Tree rings in the southern hemisphere, for instance, have helped scientists learn more about climate transition roughly 11,000 years ago, when a severe cold snap was followed by extended spells of warm and wet weather, marking the end of the last Ice Age.

A powerful proxy for long-term changes in humidity, tree rings have also helped track droughts through the late 1200s, and explain why ancient settlements such as the Mesa Verde cliff dwellings in modern-day Colorado were abandoned.

In 1947, meanwhile, chemist Harold Urey (who would go on to win a Nobel prize for a different discovery) proved that ocean temperatures affect the chemical composition of crustacean shells.

He and his team at University of Chicago applied their findings to fossils of the squid-like belemnite from the Cretaceous period, and emerged with temperature data from approximately 100 million years ago. Their study indicated a surprisingly consistent climate (with estimated temperatures of 15 to 16 degrees Celsius) in present-day USA, England and Denmark. All in all, a warmer world than previously thought. Later studies have shown that Urey’s method underestimated ocean temperatures. It is possible that average temperatures in some of the regions he studied were as high as 20 degrees Celsius to 30 degrees Celsius.

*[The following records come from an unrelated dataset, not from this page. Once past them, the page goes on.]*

Lemma max_principle z t0 T a b L :
  t0 < T -> a < b -> 0 <= L ->
  rect_continuous z t0 T a b -> parabolic_regular z t0 T ->
  (forall t x, t0 < t < T -> a < x < b -> 0 < z t x -> heat_op z t x <= L * z t x) ->
  (forall x, a <= x <= b -> z t0 x <= 0) ->
  (forall t, t0 <= t <= T -> z t a <= 0 /\ z t b <= 0) ->
  forall t x, t0 <= t <= T -> a <= x <= b -> z t x <= 0.
Proof.
  intros HT Hab HL Hc Hreg Hop Hinit Hbd t1 x1 Ht1 Hx1.
  apply Rnot_lt_le; intro Hpos.
  assert (Ht1_gt : t0 < t1) by (destruct (Req_dec t1 t0); [subst; specialize (Hinit x1 Hx1)|]; lra).
  destruct (rect_continuous_pos_before z t0 T a b t1 x1 Hc ltac:(lra) Hx1 Hpos) as [t2 [Ht2 Hz2]].
  (* Compare [z] with [h] growing at rate [L + 1]: at the first contact [h' > L h]. *)
  pose (e := z t2 x1 / (2 * exp ((L + 1) * (t2 - t0)))).
  pose (h t := e * exp ((L + 1) * (t - t0))).
  assert (He : 0 < e)
    by (apply Rdiv_lt_0_compat; [lra | assert (Q := exp_pos ((L + 1) * (t2 - t0))); lra]).
  assert (Hh : forall t, 0 < h t) by (intro t; apply Rmult_lt_0_compat; [lra | apply exp_pos]).
  assert (Hh' : forall t, is_derive h t ((L + 1) * h t))
    by (intro t; unfold h; auto_derive; [auto | unfold Rminus; ring]).
  assert (Hh2 : z t2 x1 = 2 * h t2)
    by (unfold h, e; field; apply Rgt_not_eq, exp_pos).
  pose (q t x := z t x - h t).
  assert (Hq : rect_continuous q t0 T a b).
  { apply rect_continuous_minus; [exact Hc|]; apply continuous_rect_continuous; intros t x.
    apply (continuous_comp (fun p : R * R => fst p) h); [apply continuous_fst|].
    apply (ex_derive_continuous h); eexists; apply Hh'. }
  destruct (first_zero_time q t0 T a b t2 x1 Hab ltac:(lra) Hq) as
      [ts [xs [Hts [Hxs [Hq0 [Hmax Hbefore]]]]]];
    [intros x Hx; specialize (Hinit x Hx); specialize (Hh t0); unfold q; lra | exact Hx1 |
     unfold q; lra |].
  unfold q in Hq0, Hmax, Hbefore.
  assert (Hxs' : a < xs < b).
  { destruct (Hbd ts ltac:(lra)) as [Ha Hb]; specialize (Hh ts).
    split; apply Rnot_le_lt; intro;
      [replace xs with a in Hq0 by lra | replace xs with b in Hq0 by lra]; lra. }
  assert (Hop' := heat_op_ge_at_first_contact z h _ t0 T a b ts xs Hreg (Hh' ts) ltac:(lra)
                    Hxs' ltac:(lra) ltac:(intros y Hy; specialize (Hmax y Hy); lra)
                    ltac:(intros t Ht; specialize (Hbefore t xs Ht ltac:(lra)); lra)).
  specialize (Hh ts); specialize (Hop ts xs ltac:(lra) Hxs' ltac:(lra)).
  assert (L * z ts xs = L * h ts) by (f_equal; lra).
  lra.
Qed.

Lemma comparison w1 w2 t0 T a b L :
  t0 < T -> a < b -> 0 <= L ->
  rect_continuous w1 t0 T a b -> rect_continuous w2 t0 T a b ->
  parabolic_regular w1 t0 T -> parabolic_regular w2 t0 T ->
  (forall t x, t0 < t < T -> a < x < b -> w2 t x < w1 t x ->
     heat_op w1 t x - heat_op w2 t x <= L * (w1 t x - w2 t x)) ->
  (forall x, a <= x <= b -> w1 t0 x <= w2 t0 x) ->
  (forall t, t0 <= t <= T -> w1 t a <= w2 t a /\ w1 t b <= w2 t b) ->
  forall t x, t0 <= t <= T -> a <= x <= b -> w1 t x <= w2 t x.
Proof.
  intros HT Hab HL Hc1 Hc2 Hr1 Hr2 Hop Hinit Hbd t x Ht Hx.
  destruct (parabolic_regular_minus w1 w2 t0 T Hr1 Hr2) as [Hr Hop12].
  enough (w1 t x - w2 t x <= 0) by lra.
  apply (max_principle (fun t x => w1 t x - w2 t x) t0 T a b L HT Hab HL
           (rect_continuous_minus _ _ _ _ _ _ Hc1 Hc2) Hr); [| | | exact Ht | exact Hx].
  - intros s y Hs Hy Hpos; rewrite Hop12 by exact Hs; apply Hop; [exact Hs | exact Hy | lra].
  - intros y Hy; specialize (Hinit y Hy); lra.
  - intros s Hs; destruct (Hbd s Hs); lra.
Qed.

Record explicit_derivatives (v vt vx vxx : R -> R -> R) : Prop := {
  explicit_dt : forall t x, is_derive (fun s => v s x) t (vt t x);
  explicit_dx : forall t x, is_derive (fun y => v t y) x (vx t x);
  explicit_dxx : forall t x, is_derive (fun y => vx t y) x (vxx t x);
  explicit_continuous : forall t x, continuous (fun p : R * R => v (fst p) (snd p)) (t, x) }.

Section ExplicitDerivatives.
Variables v vt vx vxx : R -> R -> R.
Hypothesis Hv : explicit_derivatives v vt vx vxx.

Let Derive_x t y : Derive (fun y => v t y) y = vx t y.
Proof. apply is_derive_unique, (explicit_dx _ _ _ _ Hv). Qed.

Lemma explicit_regular t0 T : parabolic_regular v t0 T.
Proof.
  intros t x _; split; [|split];
    [exists (vt t x); apply (explicit_dt _ _ _ _ Hv)
    | exists (vx t x); apply (explicit_dx _ _ _ _ Hv) |].
  apply (ex_derive_ext (fun y => vx t y)); [intro y; symmetry; apply Derive_x |].
  exists (vxx t x); apply (explicit_dxx _ _ _ _ Hv).
Qed.

Lemma explicit_heat_op t x : heat_op v t x = vt t x - vxx t x.
Proof.
  assert (Et : Derive (fun s => v s x) t = vt t x)
    by (apply is_derive_unique, (explicit_dt _ _ _ _ Hv)).
  assert (Exx : Derive (fun y => vx t y) x = vxx t x)
    by (apply is_derive_unique, (explicit_dxx _ _ _ _ Hv)).
  unfold heat_op.
  rewrite (Derive_ext (fun y => Derive (fun y => v t y) y) (fun y => vx t y) x (Derive_x t)).
  rewrite Et, Exx; reflexivity.
Qed.

Lemma explicit_rect_continuous t0 T a b : rect_continuous v t0 T a b.
Proof. apply continuous_rect_continuous, (explicit_continuous _ _ _ _ Hv). Qed.

End ExplicitDerivatives.

Lemma explicit_le_heat_sol v vt vx vxx g u t0 T a b L :
  explicit_derivatives v vt vx vxx -> heat_sol g t0 T u -> t0 < T -> a < b -> 0 <= L ->
  (forall t x, t0 < t < T -> a < x < b -> u t x < v t x ->
     vt t x - vxx t x - g (u t x) <= L * (v t x - u t x)) ->
  (forall x, a <= x <= b -> v t0 x <= u t0 x) ->
  (forall t, t0 <= t <= T -> v t a <= u t a /\ v t b <= u t b) ->
  forall t x, t0 <= t <= T -> a <= x <= b -> v t x <= u t x.
Proof.
  intros Hv Hu HT Hab HL Hop.
  apply (comparison v u t0 T a b L HT Hab HL (explicit_rect_continuous _ _ _ _ Hv t0 T a b)
           (heat_sol_rect_continuous _ _ _ _ _ _ Hu) (explicit_regular _ _ _ _ Hv t0 T)
           (heat_sol_regular _ _ _ _ Hu)).
  intros t x Ht Hx Hlt.
  rewrite (explicit_heat_op _ _ _ _ Hv), (heat_sol_heat_op _ _ _ _ _ _ Hu Ht); auto.
Qed.

Lemma heat_sol_le_explicit v vt vx vxx g u t0 T a b L :
  explicit_derivatives v vt vx vxx -> heat_sol g t0 T u -> t0 < T -> a < b -> 0 <= L ->
  (forall t x, t0 < t < T -> a < x < b -> v t x < u t x ->
     g (u t x) - (vt t x - vxx t x) <= L * (u t x - v t x)) ->
  (forall x, a <= x <= b -> u t0 x <= v t0 x) ->
  (forall t, t0 <= t <= T -> u t a <= v t a /\ u t b <= v t b) ->
  forall t x, t0 <= t <= T -> a <= x <= b -> u t x <= v t x.
Proof.
  intros Hv Hu HT Hab HL Hop.
  apply (comparison u v t0 T a b L HT Hab HL (heat_sol_rect_continuous _ _ _ _ _ _ Hu)
           (explicit_rect_continuous _ _ _ _ Hv t0 T a b) (heat_sol_regular _ _ _ _ Hu)
           (explicit_regular _ _ _ _ Hv t0 T)).
  intros t x Ht Hx Hlt.
  rewrite (explicit_heat_op _ _ _ _ Hv), (heat_sol_heat_op _ _ _ _ _ _ Hu Ht); auto.
Qed.

Lemma chi_in (A : R -> Prop) x : A x -> chi A x = 1.
Proof. intro H; unfold chi; destruct (excluded_middle_informative (A x)); tauto. Qed.

Lemma chi_out (A : R -> Prop) x : ~ A x -> chi A x = 0.
Proof. intro H; unfold chi; destruct (excluded_middle_informative (A x)); tauto. Qed.

Lemma le_chi_step (f : R -> R) M c :
  (forall x, f x <= 1) -> (forall x, M < x -> f x <= c) ->
  forall x, f x <= chi (fun y => y <= M) x + c * chi (fun y => M < y) x.
Proof.
  intros H1 Hc x; destruct (Rle_or_lt x M) as [Hx | Hx].
  - rewrite chi_in, chi_out by lra; specialize (H1 x); lra.
  - rewrite chi_out, chi_in by lra; specialize (Hc x Hx); lra.
Qed.

Lemma chi_step_le (f : R -> R) M c x :
  f x <= chi (fun y => y <= M) x + c * chi (fun y => M < y) x -> M < x -> f x <= c.
Proof. intros H Hx; rewrite chi_out, chi_in in H by lra; lra. Qed.

Lemma ge_chi_interval (f : R -> R) a b c :
  (forall x, 0 <= f x) -> (forall x, a < x < b -> c <= f x) ->
  forall x, f x >= c * chi (fun y => a < y < b) x.
Proof.
  intros H0 Hc x; destruct (classic (a < x < b)) as [Hx | Hx].
  - rewrite chi_in by exact Hx; specialize (Hc x Hx); lra.
  - rewrite chi_out by exact Hx; specialize (H0 x); lra.
Qed.

Lemma chi_interval_ge (f : R -> R) a b c x :
  f x >= c * chi (fun y => a < y < b) x -> a < x < b -> c <= f x.
Proof. intros H Hx; rewrite chi_in in H by exact Hx; lra. Qed.

Lemma continuous_R2_plus (f g : R * R -> R) p :
  continuous f p -> continuous g p -> continuous (fun p => f p + g p) p.
Proof. intros; apply (continuous_plus f g p); auto. Qed.
Lemma continuous_R2_mult (f g : R * R -> R) p :
  continuous f p -> continuous g p -> continuous (fun p => f p * g p) p.
Proof. intros; apply (continuous_mult f g p); auto. Qed.
Lemma continuous_R2_opp (g : R * R -> R) p : continuous g p -> continuous (fun p => - g p) p.
Proof. intros; apply (continuous_opp g p); auto. Qed.
Lemma continuous_R2_minus (f g : R * R -> R) p :
  continuous f p -> continuous g p -> continuous (fun p => f p - g p) p.
Proof. intros; apply continuous_R2_plus, continuous_R2_opp; auto. Qed.
Lemma continuous_R2_fst (p : R * R) : continuous (fun q : R * R => fst q) p.
Proof. destruct p; apply continuous_fst. Qed.
Lemma continuous_R2_snd (p : R * R) : continuous (fun q : R * R => snd q) p.
Proof. destruct p; apply continuous_snd. Qed.
Lemma continuous_R2_comp (f : R * R -> R) (h : R -> R) p :
  continuous f p -> ex_derive h (f p) -> continuous (fun p => h (f p)) p.
Proof. intros; apply (continuous_comp f h p); auto; apply (ex_derive_continuous h); auto. Qed.

Ltac solve_continuous :=
  repeat lazymatch goal with
  | |- continuous (fun _ => ?c) _ => apply continuous_const
  | |- continuous fst _ => apply continuous_R2_fst
  | |- continuous snd _ => apply continuous_R2_snd
  | |- continuous (fun p => _ - _) _ => apply continuous_R2_minus
  | |- continuous (fun p => _ + _) _ => apply continuous_R2_plus
  | |- continuous (fun p => _ * _) _ => apply continuous_R2_mult
  | |- continuous (fun p => - _) _ => apply continuous_R2_opp
  | |- continuous (fun p => fst p) _ => apply continuous_R2_fst
  | |- continuous (fun p => snd p) _ => apply continuous_R2_snd
  | |- continuous (fun p => ?h _) _ => apply (continuous_R2_comp _ h); [| auto_derive; auto]
  end.

Definition parabola (al be t0 t x : R) : R := al - be * (x * x) - 2 * be * (t - t0).

Lemma parabola_explicit al be t0 :
  explicit_derivatives (parabola al be t0)
    (fun _ _ => - 2 * be) (fun _ x => - 2 * be * x) (fun _ _ => - 2 * be).
Proof.
  split; intros t x; unfold parabola; [auto_derive; [auto | ring] .. | solve_continuous].
Qed.

Lemma g0_low v : v <= 1/2 -> g0 v = 0.
Proof. intro H; unfold g0; destruct (Rle_dec v (1/2)); [reflexivity | lra]. Qed.

Lemma g0_plateau_lower_bound M : 6 < M -> forall u, heat_sol g0 (-1) 2 u ->
  (forall x, u (-1) x >= 4/11 * chi (fun y => - M < y < M) x) ->
  forall x, Rmin (u 0 x) (u 2 x) >= 3/11 * chi (fun y => -1 < y < 1) x.
Proof.
  intros HM u Hu Hi.
  pose (v := parabola (4/11) (1/77) (-1)).
  assert (Hv := parabola_explicit (4/11) (1/77) (-1)).
  assert (Hr : forall t y, -1 <= t <= 2 -> 0 <= u t y <= 1) by (intros; apply Hu; auto).
  assert (Below : forall t y, -1 <= t <= 2 -> -6 <= y <= 6 -> v t y <= u t y).
  { apply (explicit_le_heat_sol _ _ _ _ _ _ _ _ (-6) 6 0 Hv Hu); try lra.
    - intros t y Ht Hy Hlt; rewrite g0_low; [lra | unfold v, parabola in Hlt; nra].
    - intros y Hy; assert (Q := chi_interval_ge _ _ _ _ y (Hi y) ltac:(lra)).
      unfold v, parabola; nra.
    - intros t Ht; assert (Q1 := Hr t (-6) Ht); assert (Q2 := Hr t 6 Ht).
      unfold v, parabola; split; nra. }
  apply ge_chi_interval.
  - intro x; apply Rmin_glb; apply Hr; lra.
  - intros x Hx; assert (x * x <= 1) by nra.
    assert (B0 := Below 0 x ltac:(lra) ltac:(lra)); assert (B2 := Below 2 x ltac:(lra) ltac:(lra)).
    unfold v, parabola in B0, B2; apply Rmin_glb; lra.
Qed.

Definition cosh_bump (t0 x0 t x : R) : R :=
  exp (-40) * exp (2 * (t - t0)) * (exp (x - x0) + exp (x0 - x)).

Definition front_barrier (c0 bt t0 x0 t x : R) : R := c0 - bt * (t - t0) + cosh_bump t0 x0 t x.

The list goes on. Ice core records can famously hold molecules from 800,000 years ago, but new discoveries involving ocean sediment or deep-sea cores are revealing continuous records from as much as 200 million years ago, with microfossil shells providing information on dramatic climate shifts.

The break-up of the supercontinent Pangea was causing massive volcanic eruptions at this time. Today, studying the isotopes in these microfossil shells, researchers are able to glean literally granular data on how the volcanic activity and its fallouts caused sharp increases in average global temperatures, rising ocean temperatures, levels of carbon-dioxide and ocean acidification.

Given that Earth has experienced major climate shifts, often with sudden variability, through prehistory, such data “provides invaluable context to understanding the modern climate crisis. We’d be lost without this context,” says Pearson, of University College London.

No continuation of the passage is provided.